The next example is cliff-top walking.  In 2011, when my wife and I walked part of the South West Coastal Path between Newquay on the north Cornish coast to The Lizard on the south coast via Land’s End, we often encountered sections of the trail that were fairly close to an unprotected cliff top (no railing or vegetation).  Now, we can argue on what constitutes a cliff top; my wife’s definition is different to mine:  30° off the horizontal (hers) versus my 60°+ drop, but I’m more interested in the safety zone distance between me and the cliff top.  If the path is a full body length, say 2 metres, away from the unprotected cliff top, I feel comfortable.  If the distance between me and the drop is, say, 1 metre, then my anxiety starts to rise, and if I am placing my boots just 25 cm away from the edge, I am distinctly uncomfortable and may not proceed.  (My wife is the same but multiply each of my personal safety-zone distances by four to get her comfort-to-panic range.)  So, here is another grey area.

Approaching Cudden PointClose to the edge? Approaching Cudden Point, Prussia Cove, South West Coastal Path, May 2011.

Now consider spiders.  I don’t like spiders, especially in the house.  I don’t kill them but I urge my wife to gather them up in a glass and deposit them outside the house, preferably further away than they can walk in a day.  But, I’m okay with money spiders, those tiny friendly eight-legged arachnids who are supposedly the bringers of new clothes and possibly good fortune.  If it was a fen raft spider however (see below), I’d run a mile as would my wife incidentally.  So, it’s a size thing—body diameter and diametrically opposite leg span.  If the body diameter is greater than, say, 0.5 cm, I’m out of there.  Similarly if the #8-to-heart-piercer leg span is greater than, say 3 cm, I’m also out of there.  Once again, there are two extremes: a money spider is okay whereas a regular household spider (or anything greater) is not, with a grey zone in-between.

Fen Raft SpiderA fen raft spider.  This is not my hand!

Trying to quantify these grey zones fascinates me.  In my professional career as an electronics engineer, I worked in the digital domain where everything is clean and Boolean: the TRUE or FALSE, One or Zero world.  In other words, binary.  I liked the binary world.  There were no grey zones, or so I thought until I came across fuzzy logic.
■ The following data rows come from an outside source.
Definition facet_center y i0 : 'rV[R]_n :=
  \sum_(j < size (verts y)) facet_weight i0 j *: (verts y)`_j.

Lemma facet_weight_ge0 i0 j : 0 <= facet_weight i0 j.
Proof. by rewrite /facet_weight; case: eqP => // _; rewrite invr_ge0 ler0n. Qed.

Lemma facet_weight_sum y i0 : generic H y -> (i0 < size (verts y))%N ->
  \sum_(j < size (verts y)) facet_weight i0 j = 1.
Proof.
move=> Gy i0L; rewrite (bigD1 (Ordinal i0L)) //= /facet_weight eqxx add0r.
rewrite (eq_bigr (fun _ => n%:R^-1)); last by move=> j /negbTE; rewrite -val_eqE /= => ->.
rewrite sumr_const cardC1 card_ord size_cell_verts //= -[_ *+ n]mulr_natr.
by rewrite mulVf // pnatr_eq0 -lt0n.
Qed.

Lemma closedcell_facet_center_of y i0 y' : generic H y -> (i0 < size (verts y))%N ->
  (forall j, (j < size (verts y))%N -> j != i0 -> closedcell H y' (verts y)`_j) ->
  closedcell H y' (facet_center y i0).
Proof.
move=> Gy i0L y'f; pose pt j := if j == i0 then y' else (verts y)`_j.
have -> : facet_center y i0 = \sum_(j < size (verts y)) facet_weight i0 j *: pt j.
  by apply: eq_bigr => j _; rewrite /pt; case: eqP => // ->; rewrite /facet_weight eqxx !scale0r.
apply: closedcell_convex => [j _||j jL]; first exact: facet_weight_ge0.
  exact: facet_weight_sum.
by rewrite /pt; case: eqP => [_|/eqP]; [apply: closedcell_refl | apply: y'f].
Qed.

Lemma closedcell_facet_center y i0 : generic H y -> (i0 < size (verts y))%N ->
  closedcell H y (facet_center y i0).
Proof. by move=> Gy i0L; apply: closedcell_facet_center_of => // j jL _; apply: closedcell_nth. Qed.

Lemma side_facet_center y i0 h : generic H y -> (i0 < size (verts y))%N ->
  side h (facet_center y i0) = \sum_(j < size (verts y)) facet_weight i0 j * side h (verts y)`_j.
Proof. by move=> Gy i0L; rewrite side_barycenter // facet_weight_sum. Qed.

Lemma facet_center_on_wall y i0 h : generic H y -> (i0 < size (verts y))%N -> H h ->
  side h (facet_center y i0) = 0 ->
  forall j, (j < size (verts y))%N -> j != i0 -> side h (verts y)`_j = 0.
Proof.
move=> Gy i0L Hh; rewrite side_facet_center // => /(congr1 ( *%R (side h y))).
rewrite mulr0 mulr_sumr => /eqP; rewrite psumr_eq0 => [/allP wall j jL ji0|j _].
  have /= := wall (Ordinal jL) (mem_index_enum _).
  rewrite /facet_weight (negbTE ji0) mulrCA !mulf_eq0 invr_eq0 pnatr_eq0 eqn0Ngt n_gt0.
  by rewrite (negbTE (Gy h Hh)) /= => /eqP.
rewrite mulrCA mulr_ge0 ?facet_weight_ge0 //.
by have /closedcellP/(_ h Hh) [] := closedcell_nth (ltn_ord j).
Qed.

Lemma side_facet_center_opposite y i0 h : generic H y -> (i0 < size (verts y))%N ->
  (forall j, (j < size (verts y))%N -> j != i0 -> side h (verts y)`_j = 0) ->
  side h (facet_center y i0) = 0.
Proof.
move=> Gy i0L hf; rewrite side_facet_center //; apply: big1 => j _.
have [ji0|ji0] := eqVneq (nat_of_ord j) i0; first by rewrite /facet_weight ji0 eqxx mul0r.
by rewrite hf // mulr0.
Qed.

(* otherwise a small push of the facet center away from the opposite vertex stays in the
   chamber, giving that vertex a negative barycentric coordinate *)
Lemma facet_center_not_generic y i0 : generic H y -> (i0 < size (verts y))%N ->
  ~ generic H (facet_center y i0).
Proof.
move=> Gy i0L Gb; set b := facet_center y i0 in Gb.
have yb := closedcell_facet_center Gy i0L.
have [t [t0 _ _ keep]] := segment_keeps_sides HA b (b - (verts y)`_i0).
set z := b + t *: (b - (verts y)`_i0).
have : closedcell H y z.
  apply/closedcellP => h Hh.
  have ybh := closedcell_side_gt0 Hh yb (Gy h Hh) (Gb h Hh).
  have := keep h Hh (Gb h Hh) t; rewrite lexx ltW // => /(_ isT) bz.
  have yz : 0 < side h y * side h z by nra.
  by split => [hy|]; [move: yz; rewrite hy mul0r ltxx | exact: ltW].
rewrite closedcell_hull => -[lam [lam0 [lam1 zE]]].
pose gam j := (1 + t) * facet_weight i0 j - t * (j == i0)%:R.
have gam_single (F : nat -> 'rV[R]_n) : \sum_(j < size (verts y)) (j == i0 :> nat)%:R *: F j = F i0.
  rewrite (bigD1 (Ordinal i0L)) //= eqxx scale1r big1 ?addr0 //.
  by move=> j /negbTE; rewrite -val_eqE /= => ->; rewrite scale0r.
have gam1 : \sum_(j < size (verts y)) gam j = 1.
  rewrite sumrB -!mulr_sumr facet_weight_sum // mulr1.
  rewrite (bigD1 (Ordinal i0L)) //= eqxx big1 ?addr0 ?mulr1; first by ring.
  by move=> j /negbTE; rewrite -val_eqE /= => ->.
have gamz : z = \sum_(j < size (verts y)) gam j *: (verts y)`_j.
  under eq_bigr => j _ do rewrite /gam scalerBl -!scalerA.
  by rewrite sumrB -!scaler_sumr gam_single /z scalerDl scale1r scalerBr addrA.
have := cell_verts_coord_eq lam1 gam1 _ i0L; rewrite -zE -gamz => /(_ erefl).
rewrite /gam /facet_weight eqxx mulr0 sub0r mulr1 => lam_i0.
by have := lam0 i0; rewrite lam_i0 oppr_ge0 leNgt t0.
Qed.

Lemma exists_wall_opposite y i0 : generic H y -> (i0 < size (verts y))%N ->
  exists h, wall_opposite y i0 h.
Proof.
move=> Gy i0L; have [[h [Hh hb]]|] := pselect (exists h, H h /\ side h (facet_center y i0) = 0).
  have hf := facet_center_on_wall Gy i0L Hh hb.
  exists h; split => //; have [j jL hj] := cell_verts_off_wall HA HS Gy Hh.
  by have [<-|ji0] := eqVneq j i0; last by rewrite hf ?eqxx in hj.
move=> none; case: (facet_center_not_generic Gy i0L) => h Hh.
by apply/eqP => hb; apply: none; exists h.
Qed.

Lemma wall_opposite_proportional y i0 h h' : generic H y -> (i0 < size (verts y))%N ->
  wall_opposite y i0 h ->
  (forall j, (j < size (verts y))%N -> j != i0 -> side h' (verts y)`_j = 0) ->
  forall z, side h' z * side h (verts y)`_i0 = side h' (verts y)`_i0 * side h z.
Proof.
move=> Gy i0L [Hh hi0 hf] h'f z.
set s := side h (verts y)`_i0 in hi0 *; pose mu := side h' (verts y)`_i0 / s.
have diffE x : side (h'.1 - mu *: h.1, h'.2 - mu * h.2) x = side h' x - mu * side h x.
  by rewrite /side /= dotvBl dotvZl; ring.
have : side (h'.1 - mu *: h.1, h'.2 - mu * h.2) z = 0.
  apply: (side_eq0_cell_verts HA Gy) => p pL; rewrite diffE -(nth_index 0 pL).
  have [->|ji0] := eqVneq (index p (verts y)) i0; first by rewrite /mu divfK // subrr.
  by rewrite hf ?h'f ?index_mem // mulr0 subrr.
rewrite diffE => /eqP; rewrite subr_eq0 => /eqP ->.
by rewrite /mu mulrAC divfK.
Qed.

Lemma facet_center_wall_sides y i0 h h' q : generic H y -> (i0 < size (verts y))%N ->
  wall_opposite y i0 h -> H h' -> side h' (facet_center y i0) = 0 ->
  0 < side h q * side h (verts y)`_i0 -> 0 < side h' y * side h' q.
Proof.
move=> Gy i0L hy Hh' b0 qi0; have [Hh hi0 hf] := hy.
have h'f := facet_center_on_wall Gy i0L Hh' b0.
have h'i0 : side h' (verts y)`_i0 != 0.
  have [j jL hj] := cell_verts_off_wall HA HS Gy Hh'.
  by have [<-|ji0] := eqVneq j i0; last by rewrite h'f ?eqxx in hj.
have yi0 := closedcell_side_gt0 Hh' (closedcell_nth i0L) (Gy h' Hh') h'i0.
have prop := wall_opposite_proportional Gy i0L hy h'f q.
set s := side h (verts y)`_i0 in hi0 qi0 prop.
have s2 : 0 < s * s by rewrite lt_def mulf_neq0 // -expr2 sqr_ge0.
rewrite -(pmulr_lgt0 _ s2).
have -> : side h' y * side h' q * (s * s) = side h' y * (side h' q * s) * s by ring.
rewrite prop.
have -> : side h' y * (side h' (verts y)`_i0 * side h q) * s =
          (side h' y * side h' (verts y)`_i0) * (side h q * s) by ring.
exact: mulr_gt0.
Qed.

(* moving from the facet center slightly towards q gives a generic point which lies in
   the cell of y' and on the same side as y of every wall *)
Lemma closedcell_through_facet y i0 h y' q : generic H y -> (i0 < size (verts y))%N ->
  wall_opposite y i0 h -> generic H y' ->
  (forall j, (j < size (verts y))%N -> j != i0 -> closedcell H y' (verts y)`_j) ->
  closedcell H y' q -> 0 < side h q * side h (verts y)`_i0 ->
  closedcell H y' = closedcell H y.
Proof.
move=> Gy i0L hy Gy' y'f y'q qi0; have [Hh _ hf] := hy.
set b := facet_center y i0.
have [t [t0 t1 _ keep]] := segment_keeps_sides HA b (q - b).
set z := b + t *: (q - b).
have y'z : closedcell H y' z.
  apply: closedcell_segment => //; first by rewrite ltW.
  exact: closedcell_facet_center_of Gy i0L y'f.
have yz h' : H h' -> 0 < side h' y * side h' z.
  move=> Hh'; have [b0|b0] := eqVneq (side h' b) 0.
    apply: facet_center_wall_sides hy Hh' b0 _ => //.
    by rewrite /z /b side_segment side_facet_center_opposite // subr0 add0r -mulrA mulr_gt0.
  have := closedcell_side_gt0 Hh' (closedcell_facet_center Gy i0L) (Gy h' Hh') b0.
  have := keep h' Hh' b0 t; rewrite lexx ltW // => /(_ isT).
  nra.
have Gz : generic H z.
  by move=> h' Hh'; have := yz h' Hh'; apply: contraTneq => ->; rewrite mulr0 ltxx.
rewrite -(closedcell_eq_sides Gy yz); apply: closedcell_eq_sides => // h' Hh'.
by rewrite mulrC; apply: closedcell_side_gt0 y'z _ _; [|exact: Gy'|exact: Gz].
Qed.

Lemma reflect_facet_verts y i0 h p : generic H y -> (i0 < size (verts y))%N ->
  wall_opposite y i0 h -> p \in verts (reflect_in h y) ->
  p != reflect_in h (verts y)`_i0 ->
  exists m, [/\ (m < size (verts y))%N, m != i0 & (verts y)`_m = p].
Proof.
move=> Gy i0L [Hh _ hf] p' pi0; have hK := reflect_inK (wall_normal_neq0 HA Hh).
have pL : reflect_in h p \in verts y by rewrite -mem_cell_verts_reflect_in.
set m := index (reflect_in h p) (verts y).
have mL : (m < size (verts y))%N by rewrite index_mem.
have Lm : (verts y)`_m = reflect_in h p by rewrite nth_index.
have mi0 : m != i0 by apply: contra_neq pi0 => mi0; rewrite -mi0 Lm hK.
exists m; split => //; have := hf m mL mi0.
rewrite Lm side_reflect_in ?(wall_normal_neq0 HA) // => /eqP; rewrite oppr_eq0 => /eqP hp.
by rewrite reflect_in_id.
Qed.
This is surely an oxymoron, I mused, like pretty ugly and deafening silence.  How can logic be fuzzy?  But it can.  Fuzzy logic is an n-valued algebra that builds on Boolean concepts and allows degrees of truth whereas classical 2-valued logic (my binary world) only allows TRUE or FALSE outcomes.  I won’t go into the mathematical details of fuzzy logic but its applications are all around us—in washing machine controllers, facial pattern recognition systems, vacuum cleaners, drone controllers, anti-skid braking systems—the list is endless.  All the practical applications are to systems that have a grey zone.  Consider facial recognition systems.  If you have a biometric passport, you can use it to gain entry into the UK at airports such as Gatwick.  Mapping the characteristics of your face cannot be a precise science however.  We are each uniquely defined and expressed by our DNA and there are over seven billion of us on the planet.  Even if you spot your doppelgänger, there will be minute differences between the two faces, yours and his (or hers).  In other words, a grey zone.  Fuzzy logic appears to have enabled a quantification of facial characteristics accurate enough to allow correct passage for most people through the automatic passport control systems now in use.  I haven’t encountered rejection at Gatwick Airport, not yet anyway, but the possibility of a false positive or false negative must exist within the grey zone of these systems.  Perhaps I’ll grow a beard and moustache and see what happens next time I travel.

BeardWill I be a false negative?

We live in an analogue world where everything is defined by a huge amount of constantly changing variables but, increasingly, scientists and engineers are striving to quantify everything in digital terms.  Will the presence of the grey zone always be a limiting factor?

What's The TimeWhat’s the time?  12:55 precisely or 12:55-ish?